Resources for postgraduates in Edinburgh are second to none.
In addition to being able to consult the two million printed volumes in the University’s Main Library and having access to the unparalleled electronic and internet resources provided by the Library’s online facilities, all postgraduate students are free to make use of the extensive holdings available for consultation in the library’s Centre for Research Collections.
Among the literary treasures housed here are the libraries of William Drummond, Lewis Grassic Gibbon, Hugh MacDiarmid and Norman MacCaig, plus the W.H. Auden collection, the Corson Collection of works by and about Sir Walter Scott and the Ramage collection of poetry pamphlets.
The Scottish enlightenment can be studied through the libraries of Adam Smith and Dugald Stewart. The CRC also holds a truly exceptional collection of early Shakespeare quartos and other early modern printed plays put together by the 19th century Shakespearean James Halliwell-Phillipps. Its manuscript and archival collections are also world-class, including the correspondence of Thomas and Jane Welsh Carlyle, and the extensive Laing collection of medieval and early modern manuscripts, as well as letters and papers by - and relating to - authors including Christopher Isherwood, Rudyard Kipling, John Middleton Murry, Walter de la Mare, Edwin Muir, George Mackay Brown and Compton Mackenzie.
Postgraduate students of the University also have reading rights at the National Library of Scotland (NLS), one of five UK copyright libraries, which has, among its world-class collection of rare books and manuscripts, important literary archives such as the Bute Collection of early modern English drama and the recently acquired John Murray Archive.
NLS also has unique holdings in the areas of Scottish writing, book trade history and transatlantic studies.
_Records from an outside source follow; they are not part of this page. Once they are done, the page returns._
(* Let $r\ge1$ and $n\in\mathbb{Z}_{>0}$. Every $\omega\in\Omega^r_n$ satisfies $|\xi|\le|\omega|\le|\xi|\,|\pi|^{-n}$.
   Context: Let $F$ be a global function field, $\infty$ a place of $F$, $\pi$ a uniformizer at $\infty$, $F_\infty$ the completion at $\infty$, $\mathbb{C}_\infty$ the completion of an algebraic closure of $F_\infty$ with absolute value $|\cdot|$. Fix $\xi\in\mathbb{C}_\infty^\times$. $\Omega^r$ is the set of column vectors $\omega=(\omega_1,\dots,\omega_r)^T\in\mathbb{C}_\infty^r$ with $F_\infty$-linearly independent entries and $\omega_r=\xi$. A linear form $F_\infty^r\to F_\infty$ is unimodular if its largest coefficient has absolute value $1$. Put $|\omega|:=\max_i|\omega_i|$, $h(\omega):=|\omega|^{-1}\inf\{|\ell(\omega)|:\ell$ a unimodular $F_\infty$-linear form$\}$, and $\Omega^r_n:=\{\omega\in\Omega^r:h(\omega)\ge|\pi|^n\}$. *)

From HB Require Import structures.
From mathcomp Require Import all_boot all_order all_algebra.
From mathcomp Require Import all_classical all_reals.
Set Implicit Arguments. Unset Strict Implicit. Unset Printing Implicit Defensive.
Import Order.TTheory GRing.Theory Num.Theory.
Local Open Scope ring_scope.
Local Open Scope classical_set_scope.

Section Defs.
Variables (R : realType) (C : closedFieldType) (abs : C -> R).

Definition is_nonarch_abs : Prop :=
  [/\ forall x, 0 <= abs x,
      forall x, abs x = 0 <-> x = 0,
      forall x y, abs (x * y) = abs x * abs y &
      forall x y, abs (x + y) <= Num.max (abs x) (abs y)].

Definition abs_cauchy (u : nat -> C) : Prop :=
  forall e : R, 0 < e -> exists N, forall m n, (N <= m)%N -> (N <= n)%N ->
    abs (u m - u n) < e.

Definition abs_converges_to (u : nat -> C) (l : C) : Prop :=
  forall e : R, 0 < e -> exists N, forall n, (N <= n)%N -> abs (u n - l) < e.

Definition abs_complete_in (K : C -> Prop) : Prop :=
  forall u : nat -> C, (forall n, K (u n)) -> abs_cauchy u ->
    exists2 l, K l & abs_converges_to u l.

Definition is_subfield (K : C -> Prop) : Prop :=
  [/\ K 0, K 1, forall x y, K x -> K y -> K (x - y),
      forall x y, K x -> K y -> K (x * y) &
      forall x, K x -> K x^-1].

(* Standing setting: C = C_infty (algebraically closed, complete), K = F_infty
   a complete subfield, discretely valued with uniformizer pi. *)
Definition function_field_setting (K : C -> Prop) (pi : C) : Prop :=
  [/\ is_nonarch_abs, abs_complete_in (fun _ => True),
      is_subfield K, abs_complete_in K &
      [/\ K pi, 0 < abs pi, abs pi < 1 &
          forall x, K x -> x <> 0 -> exists k : int, abs x = abs pi ^ k]].

Variable K : C -> Prop.

Definition K_lin_indep (r : nat) (w : 'cV[C]_r) : Prop :=
  forall a : 'I_r -> C, (forall i, K (a i)) ->
    \sum_i a i * w i 0 = 0 -> forall i, a i = 0.

Definition Omega (r : nat) (xi : C) : set 'cV[C]_r :=
  [set w | K_lin_indep w /\ forall i : 'I_r, val i = r.-1 -> w i 0 = xi].

Definition unimodular (r : nat) (a : 'I_r -> C) : Prop :=
  (forall i, K (a i)) /\ \big[Num.max/0]_i abs (a i) = 1.

Definition lform (r : nat) (a : 'I_r -> C) (w : 'cV[C]_r) : C :=
  \sum_i a i * w i 0.

Definition vnorm (r : nat) (w : 'cV[C]_r) : R := \big[Num.max/0]_i abs (w i 0).

Definition hgt (r : nat) (w : 'cV[C]_r) : R :=
  (vnorm w)^-1 * inf [set abs (lform a w) | a in [set a | unimodular a]].

Definition Omega_n (r : nat) (xi pi : C) (n : nat) : set 'cV[C]_r :=
  [set w | @Omega r xi w /\ abs pi ^+ n <= hgt w].

End Defs.

From HB Require Import structures.
From mathcomp Require Import all_boot all_order all_algebra.
From mathcomp Require Import all_classical all_reals.
Import Order.TTheory GRing.Theory Num.Theory.
Local Open Scope ring_scope.
Local Open Scope classical_set_scope.

(* The entry xi of omega is bounded by |omega|, which gives the lower bound.
   For the upper bound, the coordinate form picking out the last entry is
   unimodular, so the infimum in h(omega) is at most |xi|; hence
   |pi|^n <= h(omega) <= |xi| / |omega|. *)

Section NonarchAbs.
Context {R : realType} {C : closedFieldType} {abs : C -> R}.
Hypothesis abs_nonarch : is_nonarch_abs abs.

Lemma abs_ge0 (x : C) : 0 <= abs x.
Proof. by case: abs_nonarch. Qed.

Lemma abs0 : abs 0 = 0.
Proof. by case: abs_nonarch => _ abs_eq0 _ _; apply/abs_eq0. Qed.

Lemma abs_gt0 {x : C} : x <> 0 -> 0 < abs x.
Proof.
case: abs_nonarch => _ abs_eq0 _ _ x_neq0.
by rewrite lt_def abs_ge0 andbT; apply/eqP => /abs_eq0.
Qed.

Lemma abs1 : abs 1 = 1.
Proof.
case: abs_nonarch => _ _ absM _.
have abs1_neq0 : abs 1 != 0.
  by rewrite gt_eqF // abs_gt0 //; apply/eqP/oner_neq0.
by apply: (mulfI abs1_neq0); rewrite -absM !mulr1.
Qed.

Lemma vnorm_ge_entry (r : nat) (w : 'cV[C]_r) (i : 'I_r) :
  abs (w i 0) <= vnorm abs w.
Proof. exact: le_bigmax. Qed.

Context {K : C -> Prop}.
Hypotheses (K0 : K 0) (K1 : K 1).

Definition coord_form {r : nat} (i0 : 'I_r) : 'I_r -> C :=
  fun i => (i == i0)%:R.

Lemma lform_coord (r : nat) (i0 : 'I_r) (w : 'cV[C]_r) :
  lform (coord_form i0) w = w i0 0.
Proof.
rewrite /lform (bigD1 i0) //= big1 ?addr0 /coord_form ?eqxx ?mul1r //.
by move=> i /negbTE ->; rewrite mul0r.
Qed.

Lemma unimodular_coord (r : nat) (i0 : 'I_r) :
  unimodular abs K (coord_form i0).
Proof.
split=> [i|]; first by rewrite /coord_form; case: (i == i0).
apply/le_anti/andP; split.
  by apply: bigmax_le => // i _; rewrite /coord_form; case: (i == i0);
    rewrite ?abs1 ?abs0.
by apply: le_trans (le_bigmax _ _ i0); rewrite /coord_form eqxx abs1.
Qed.

Lemma hgt_le_entry {r : nat} {w : 'cV[C]_r} (i0 : 'I_r) :
  0 < vnorm abs w -> hgt abs K w <= abs (w i0 0) / vnorm abs w.
Proof.
move=> vnorm_gt0; rewrite /hgt mulrC ler_pM2r ?invr_gt0 //.
apply: ge_inf; first by exists 0 => _ [a _ <-]; apply: abs_ge0.
by exists (coord_form i0); [apply: unimodular_coord | rewrite lform_coord].
Qed.

End NonarchAbs.

Lemma Omega_last_entry {C : closedFieldType} {K : C -> Prop} {r : nat}
    {xi : C} {w : 'cV[C]_r} :
  (0 < r)%N -> Omega K xi w -> exists i : 'I_r, w i 0 = xi.
Proof.
move=> r_gt0 [_ w_last].
have last_lt : (r.-1 < r)%N by rewrite prednK.
by exists (Ordinal last_lt); apply: w_last.
Qed.

Theorem lemma3p3 (R : realType) (C : closedFieldType) (abs : C -> R)
  (K : C -> Prop) (pi xi : C) (r n : nat) :
  function_field_setting abs K pi -> xi <> 0 ->
  (1 <= r)%N -> (0 < n)%N ->
  forall w : 'cV[C]_r, @Omega_n R C abs K r xi pi n w ->
    abs xi <= vnorm abs w /\ vnorm abs w <= abs xi * (abs pi ^+ n)^-1.
Proof.
move=> [abs_nonarch _ [K0 K1 _ _ _] _ [_ pi_gt0 _ _]] xi_neq0 r_gt0 _ w.
move=> [w_Omega hgt_ge].
have [i0 w_i0] := Omega_last_entry r_gt0 w_Omega.
have xi_le : abs xi <= vnorm abs w by rewrite -w_i0 vnorm_ge_entry.
split=> //.
have vnorm_gt0 : 0 < vnorm abs w.
  exact: lt_le_trans (abs_gt0 abs_nonarch xi_neq0) xi_le.
have := hgt_le_entry abs_nonarch K0 K1 i0 vnorm_gt0.
rewrite w_i0 => /(le_trans hgt_ge).
by rewrite ler_pdivlMr // mulrC -ler_pdivlMr ?exprn_gt0 // mulrC.
Qed.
The Scottish Poetry Library, also housed in the city, contains archival and printed collections especially relevant to the writing, publication and reading of modern and contemporary poetry in Scotland.
Students also benefit from easy access to the collections and facilities at the National Archives of Scotland, the National Museums of Scotland, the National Galleries of Scotland (including the Gallery of Modern Art and the Dean Gallery), the Edinburgh Writers’ Museum and the Scottish Storytelling Centre.
Graduate students are encouraged to participate in the many creative and varied activities of the Graduate School. As well as being invited to attend the range of conferences organised each year, there are a weekly seminar series including the student-run ‘Work in Progress Seminars’ and the ‘Edinburgh Literature Seminar’ for staff and postgraduates, which hosts distinguished visiting speakers.
Besides these, there are several regular seminars attached to research groups in Transatlantic Studies, The History of the Book, Medieval Studies, Early Modern Studies and Creative Writing. There is also a range of staff- and student-led reading groups that cover many aspects of literary studies.
The School publishes a graduate online journal, FORUM, which is edited and run by postgraduates of the School of Literatures, Languages and Cultures, and organises its own annual conference for graduate students.
The prestigious James Tait Black Prizes (the oldest and most distinguished literary awards in the UK) are administered and judged within the English Literature Department, with the participation of its graduate students.
Beyond the University, in libraries, theatres, bars, cafes, the city of Edinburgh hosts around 90 literary events each month - readings, discussion groups, poetry slams, exhibitions and festivals.
In August, one of the world’s greatest book festivals takes place in the city. There are literary societies, literary tours and walking trails, literary gardens, and literary pubs.
From the moment they arrive in Edinburgh, postgraduate students in the Department of English Literature will have the opportunity to take part in a lively, creative research culture, one that spans across the School, University and City of Edinburgh - the first recipient of the UNESCO designation ‘World City of Literature’.